The Commissioner for Information of Public Importance and Personal Data Protection sent a letter to the Ministry of Health regarding a number of problems with health-related personal dana protection and the need to rectify the state of affairs in the aforementoned area in a more robust and energetic manner.
The Commissioner believes that the laws regulating health-related record keeping are outdated and obsolete, and that the previously-mentioned together with a lack of organizational, technical and personnel measures consequently violates patients rights to personal data protection.
The Commissioner Rodoljub Sabic stated the following in relation to the aforementioned:
"The laws that were drafted and passed several decades ago in considerably different economic, political, cultural and other relevant circumstances are not and cannot be pertinent to the time we live in at the moment, and are not harmonized with the standards set by the Law on Personal Data Protection.
The existing laws in the field of healthcare do not provide adequate answers to a number of important questions that come up on a daily basis, e.g., who and under what circumstances can access patients' medical records, etc.
The Healthcare Act does not regulate what happens with patient data when a privately-owned healthcare institution closes down.

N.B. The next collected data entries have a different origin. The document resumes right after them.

(* Assume (A) and (D), and that for some $\omega\ge0$ the potential profile satisfies: for every $c>0$ and $\lambda\ge1$, $\limsup_{s\to0^+}\frac{g(f^{-1}(cs^\lambda))}{g(f^{-1}(s))}\le\lambda^\omega$. Fix $t>0$. Let $\eta,\sigma:[0,\infty)\to(0,\infty)$ be continuous increasing functions with $1/\eta\in L^1((1,\infty),dx)$, $\sigma(r)<r$ for $r\ge1$, $\sup_{r\ge1}f(\sigma(r))/f(r)<\infty$, and such that $r\mapsto\frac{(d-1)\log r+\log\eta(r)}{|\log f(r)|}$ is eventually decreasing with $$b:=\lim_{r\to\infty}\frac{(d-1)\log r+\log\eta(r)}{|\log f(r)|}\in[0,2).$$ Let $H_t(r)=f^2(r)r^{d-1}\eta(r)\exp(\widetilde Ktg(r))$, $\widetilde w_t(r)=g^2(r)\exp(\widetilde Ktg(r))$, $v_t(r)=\widetilde w_t(r)\frac{\eta(r)}{r-\sigma(r)}$. Let $\kappa,\widetilde\kappa>0$, $\alpha_t(u)=(f^2)^{-1}(\kappa/u)$ and $\gamma_t(u)=H_t^{-1}(\widetilde\kappa/u)$ for $u$ large enough, $H_t^{-1}$ being the inverse of $H_t$ restricted to a half-line on which it is continuous and strictly decreasing (such a half-line exists). (a) For every $\varepsilon\in(0,2-b)$ there is $r_\varepsilon>0$ with $f^2(r)\le H_t(r)\le f^{2-b-\varepsilon}(r)$ for $r>r_\varepsilon$; moreover $$1\le\liminf_{u\to\infty}\frac{g(\gamma_t(u))}{g(\alpha_t(u))}\le\limsup_{u\to\infty}\frac{g(\gamma_t(u))}{g(\alpha_t(u))}\le\Big(\frac{2}{2-b}\Big)^{\omega},$$ and for every $\delta>0$, $\lim_{u\to\infty}\widetilde w_t(\gamma_t(u))/u^\delta=0$. (b) If in addition $\lim_{r\to\infty}\frac{\log\eta(r)-\log(r-\sigma(r))}{g(r)}=0$, then $$\lim_{u\to\infty}\frac{\log\eta(\gamma_t(u))-\log(\gamma_t(u)-\sigma(\gamma_t(u)))}{g(\alpha_t(u))}=0$$ and for every $\delta>0$, $\lim_{u\to\infty}v_t(\gamma_t(u))/u^\delta=0$.
   Context: Setting. Fix $d\ge1$. Let $A$ be a positive semidefinite $d\times d$ matrix and $\nu$ a symmetric Lévy measure on $\mathbb R^d\setminus\{0\}$ (positive Radon measure with $\int(1\wedge|z|^2)\,\nu(dz)<\infty$, $\nu(-B)=\nu(B)$) with $\nu(\mathbb R^d\setminus\{0\})=\infty$, absolutely continuous with density also denoted $\nu(x)$. The Lévy operator $L$ on $L^2(dx)$ is the Fourier multiplier $\widehat{Lh}(\xi)=-\Psi(\xi)\widehat h(\xi)$ with $\Psi(\xi)=\tfrac12A\xi\cdot\xi+\int(1-\cos(\xi\cdot z))\,\nu(dz)$; $\{P_t\}_{t\ge0}$ is the associated convolution semigroup, $P_th(x)=\int p_t(y-x)h(y)\,dy$ with densities $p_t$. Let $V$ be locally bounded on $\mathbb R^d$ with $V(x)\to\infty$ as $|x|\to\infty$, and let $H=-L+V$ (self-adjoint, bounded below, defined via quadratic forms on $L^2(dx)$). For $t>0$, $e^{-tH}$ has a continuous, positive, symmetric kernel $u_t(x,y)$. Let $\lambda_0=\inf\sigma(H)$ (a simple eigenvalue) and $\varphi_0$ the corresponding strictly positive, continuous, bounded eigenfunction with $\|\varphi_0\|_{L^2(dx)}=1$. Set $\mu(dx)=\varphi_0^2(x)\,dx$ (a probability measure), $q_t(x,y)=\dfrac{e^{\lambda_0t}u_t(x,y)}{\varphi_0(x)\varphi_0(y)}$ and $Q_th(x)=\int q_t(x,y)h(y)\,\mu(dy)$; $\{Q_t\}$ is a semigroup of contractions on every $L^p(\mu)$, $1\le p\le\infty$, and $q_t$ is symmetric. Assumption (A): there exist a strictly decreasing continuous $f:(0,\infty)\to(0,\infty)$, a strictly increasing continuous $g:[0,\infty)\to(0,\infty)$, constants $C_1,C_2\ge1$ and $R_0>0$ such that $C_1^{-1}f(|x|)\le\nu(x)\le C_1f(|x|)$ for $x\ne0$ and $C_2^{-1}g(|x|)\le V(x)\le C_2g(|x|)$ for $|x|\ge R_0$, and moreover: (A1) there is $C_3>0$ with $\int_{\{|x-y|>1,\,|y|>1\}}f(|x-y|)f(|y|)\,dy\le C_3f(|x|)$ for $|x|\ge1$; (A2) $(t,x)\mapsto p_t(x)$ is continuous on $(0,\infty)\times\mathbb R^d$ and for every $t_b>0$ there are $C_4,C_5>0$ with $p_t(x)\le C_4\big([e^{C_5t}f(|x|)]\wedge1\big)$ for $x\neq0$, $t\ge t_b$, and $\sup_{t\in(0,t_b]}\sup_{r\le|x|\le2}p_t(x)<\infty$ for every $r\in(0,1]$; (A3) there is $C_6\ge1$ with $g(r+1)\le C_6g(r)$ for $r\ge R_0$. Under (A), $f$ is a bijection of $(0,\infty)$ onto $(0,\infty)$ and $f^{-1}$, $(f^2)^{-1}$ denote the inverses. We write $f_1=f\wedge1$. Condition (D): the map $r\mapsto g(r)/|\log f(r)|$ is eventually decreasing and $\lim_{r\to\infty}g(r)/|\log f(r)|=0$. Heat kernel estimate (a known consequence of (A), used as standing input): for every $T>0$ there exist $\rho>1$, $C=C(T)>0$ and constants $K,\widetilde K>0$ independent of $T$ such that for all $x,y\in\mathbb R^d$ and $t\ge T$, $C^{-1}\max\{1,e^{\lambda_0t}\Gamma(\widetilde Kt,x,y)\}\le q_t(x,y)\le C\max\{1,e^{\lambda_0t}\Gamma(Kt,x,y)\}$, where $\Gamma(\tau,x,y)=\dfrac{\mathbf 1_{\{|x|,|y|>\rho\}}}{f_1(|x|)f_1(|y|)}\displaystyle\int_{\rho-1<|z|<|x|\vee|y|}f_1(|x-z|)f_1(|z-y|)e^{-\tau g(|z|)}\,dz$. Throughout, $K$ and $\widetilde K$ denote fixed constants for which this two-sided estimate holds. *)

From HB Require Import structures.
From mathcomp Require Import all_boot all_order all_algebra.
From mathcomp Require Import all_classical all_reals all_analysis.
Set Implicit Arguments. Unset Strict Implicit. Unset Printing Implicit Defensive.
Import Order.TTheory GRing.Theory Num.Theory.
Local Open Scope ring_scope.

Section Profiles.
Variable R : realType.

Definition Ht (d : nat) (Kt t : R) (f g eta : R -> R) (r : R) : R :=
  f r ^+ 2 * r ^+ d.-1 * eta r * expR (Kt * t * g r).

Definition wt (Kt t : R) (g : R -> R) (r : R) : R :=
  g r ^+ 2 * expR (Kt * t * g r).

Definition vt (Kt t : R) (g eta sigma : R -> R) (r : R) : R :=
  wt Kt t g r * eta r / (r - sigma r).

Definition bratio (d : nat) (f eta : R -> R) (r : R) : R :=
  ((d.-1)%:R * ln r + ln (eta r)) / `|ln (f r)|.

End Profiles.

From HB Require Import structures.
From mathcomp Require Import all_boot all_order all_algebra.
From mathcomp Require Import all_classical all_reals all_analysis.
From mathcomp Require Import ring lra.

Set Implicit Arguments.
Unset Strict Implicit.
Unset Printing Implicit Defensive.

Import Order.TTheory GRing.Theory Num.Theory numFieldNormedType.Exports.
Local Open Scope classical_set_scope.
Local Open Scope ring_scope.

(* When 0 < f r < 1, H_t(r) = f(r)^theta(r) with
   theta(r) = 2 - bratio(r) - Kt t g(r) / |log f(r)|, and theta(r) -> 2 - b by (D).
   Hence f^2 <= H_t <= f^p near infinity for every p < 2 - b, and H_t is eventually
   decreasing because theta is.  Feeding H_t(gamma) = kappat / u and
   f(alpha)^2 = kappa / u into these bounds gives
   c f(alpha)^(2/p) <= f(gamma) <= C f(alpha), and the profile condition on
   g o f^-1 turns this into the bounds on g(gamma) / g(alpha).  Finally
   |log f(gamma)| <= (log u) / p and g = o(|log f|) give g(gamma(u)) = o(log u),
   so any exponential of g(gamma(u)) grows more slowly than every power of u. *)

Section limf_esup_near.
Context {T : choiceType} {X : filteredType T} {R : realType}.
Variables (f : X -> \bar R) (F : set_system X).
Local Open Scope ereal_scope.

Lemma limf_esup_le_near a : (\forall x \near F, f x <= a) -> limf_esup f F <= a.
Proof.
move=> Fa; rewrite limf_esupE.
apply: (le_trans (ereal_inf_lbound _)); first by exists [set x | f x <= a].
by apply: ge_ereal_sup => _ [x /= fx <-].
Qed.

Lemma limf_einf_ge_near a : (\forall x \near F, a <= f x) -> a <= limf_einf f F.
Proof.
move=> Fa; rewrite limf_einfE.
apply: le_trans (ereal_sup_ubound _); last by exists [set x | a <= f x].
by apply: le_ereal_inf_tmp => _ [x /= fx <-].
Qed.

Lemma limf_esup_lt_near {FF : Filter F} a :
  limf_esup f F < a -> \forall x \near F, f x < a.
Proof.
rewrite limf_esupE => /ereal_inf_lt [_ [V FV <-]] Va.
apply: filterS FV => x Vx; apply: le_lt_trans Va.
by apply: ereal_sup_ubound; exists x.
Qed.

Lemma limf_einf_le_esup {FF : ProperFilter F} : limf_einf f F <= limf_esup f F.
Proof.
rewrite limf_einfE limf_esupE.
apply: ge_ereal_sup => _ [V FV <-]; apply: le_ereal_inf_tmp => _ [W FW <-].
have [x [Vx Wx]] := filter_ex (filterI FV FW).
apply: le_trans (ereal_inf_lbound _) _; first by exists x.
by apply: ereal_sup_ubound; exists x.
Qed.

End limf_esup_near.

Section real_asymptotics.
Variable R : realType.

Lemma near_pinfty_pos (P : R -> Prop) :
  (\forall r \near +oo, P r) -> exists M, 0 < M /\ forall r, M < r -> P r.
Proof.
move=> [M [_ HM]]; exists (Num.max M 1); split; first by rewrite lt_max ltr01 orbT.
by move=> r; rewrite gt_max => /andP[Mr _]; exact: HM.
Qed.

Lemma cvg_at_right0 {T : Type} {F : set_system T} {FF : Filter F} (h : T -> R) :
  h @ F --> 0 -> (\forall x \near F, 0 < h x) -> h @ F --> 0^'+.
Proof.
by move=> h0 hpos P /h0; apply: filterS2 hpos => x hx /(_ hx).
Qed.

Lemma ln_cvgy : @ln R x @[x --> +oo] --> +oo.
Proof.
apply/cvgryPge => A; near=> x.
have Ax : expR A < x by near: x; exact: (nbhs_pinfty_gt (num_real _)).
have x0 : 0 < x := lt_trans (expR_gt0 A) Ax.
by rewrite -(expRK A) ler_ln ?posrE ?expR_gt0 // ltW.
Unshelve. all: end_near.
Qed.

Lemma sqr_le_4expR (x : R) : 0 <= x -> x ^+ 2 <= 4 * expR x.
Proof.
move=> x0.
have -> : expR x = expR (x / 2) ^+ 2 by rewrite -expRM_natl; congr expR; field.
have := expR_ge1Dx (x / 2); have : 0 <= x / 2 by rewrite divr_ge0.
rewrite !expr2; nra.
Qed.

Lemma sqr_le_div_cvg0r (h : R -> R) (c : R) :
  (\forall u \near +oo, 0 < h u /\ h u ^+ 2 <= c / u) -> h u @[u --> +oo] --> 0^'+.
Proof.
move=> hc; apply: cvg_at_right0; last by apply: filterS hc => u [].
apply/cvgr0Pnorm_lt => e e0; near=> u.
have [hu0 hu2] : 0 < h u /\ h u ^+ 2 <= c / u by near: u.
have u0 : 0 < u by near: u; exact: (nbhs_pinfty_gt (num_real _)).
have ceu : c / e ^+ 2 < u by near: u; exact: (nbhs_pinfty_gt (num_real _)).
rewrite gtr0_norm // -(ltr_pXn2r (_ : (0 < 2)%N)) ?nnegrE ?(ltW hu0) ?(ltW e0) //.
by apply: le_lt_trans hu2 _; rewrite ltr_pdivrMr // mulrC -ltr_pdivrMr // exprn_gt0.
Unshelve. all: end_near.
Qed.

Lemma expR_ln_div_powR_cvg0 (c a : R) : 0 < a ->
  c * expR (a * ln u) / u `^ (2 * a) @[u --> +oo] --> 0.
Proof.
move=> a0.
have lim : c * expR (- (a * ln u)) @[u --> +oo] --> 0.
  rewrite -(mulr0 c); apply: cvgMl_tmp.
  exact: (cvg_comp _ _ (gt0_cvgMry a0 ln_cvgy) (@cvgr_expR R)).
apply: cvg_trans lim; apply: near_eq_cvg; near=> u.
have u0 : 0 < u by near: u; exact: (nbhs_pinfty_gt (num_real _)).
rewrite /powR gt_eqF // -mulrA -expRN -expRD; congr (_ * expR _); ring.
Unshelve. all: end_near.
Qed.

Lemma sublog_expR_div_powR_cvg0 (X h : R -> R) (c A delta : R) :
  0 < A -> 0 < delta ->
  (forall e, 0 < e -> \forall u \near +oo, h u <= e * ln u) ->
  (\forall u \near +oo, 0 <= X u <= c * expR (A * h u)) ->
  X u / u `^ delta @[u --> +oo] --> 0.
Proof.
move=> A0 d0 h_ln hX; have d2 : 0 < delta / 2 by rewrite divr_gt0.
have := expR_ln_div_powR_cvg0 c d2.
have -> : 2 * (delta / 2) = delta by field.
apply: squeeze_cvgr (cvg_cst 0); near=> u.
have /andP[X0 Xle] : 0 <= X u <= c * expR (A * h u) by near: u.
have hu : h u <= delta / 2 / A * ln u by near: u; apply: h_ln; rewrite !divr_gt0.
rewrite divr_ge0 ?powR_ge0 //= ler_pM2r ?invr_gt0 ?powR_gt0 //.
have c0 : 0 <= c by move: (le_trans X0 Xle); rewrite pmulr_lge0 // expR_gt0.
apply: le_trans Xle _; rewrite ler_wpM2l // ler_expR.
have -> : delta / 2 * ln u = A * (delta / 2 / A * ln u) by field; rewrite gt_eqF.
by rewrite ler_pM2l.
Unshelve. all: end_near.
Qed.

Also, the Act does not regulate the conditions under which the medical file data could be used for scientific purposes, while, at the same time, we hear very often the requests for establishing different registries of individuals suffering from certain diseases, the aim of those registries being to gather data for scientific purposes.
The lack of adequate normative, organizational, logistic, technical and personnel measures results in the frequent unnecessary and uncomfortable violation of privacy of individuals affected by certain diseases. In medical charts, documentation, and even on prescriptions, medical staff often writes the HIV/AIDS status of patients in red letters, making this piece of information available to a larger number of people resulting in primitive stigmatization of patients.
Finally, I have to remind yet again of the nonunderstandable tardiness of the Government to pass the Regulation on the Protection of Especially Sensitive Data, which would also include medical data. By not having the aforementioned Regulation, the provisions of the Healthcare Act which envision "special" protection of medical data are just empty statements.
Taken into consideration all that was previously mentioned, regardless of the objective and the subjective difficulties that our healthcare is faced with, it is necessary, without further ado, to start taking measures in order to ensure respect for the right to personal data protection in the field of healthcare which is guaranteed by the Constitution and the Law on Personal Data Protection."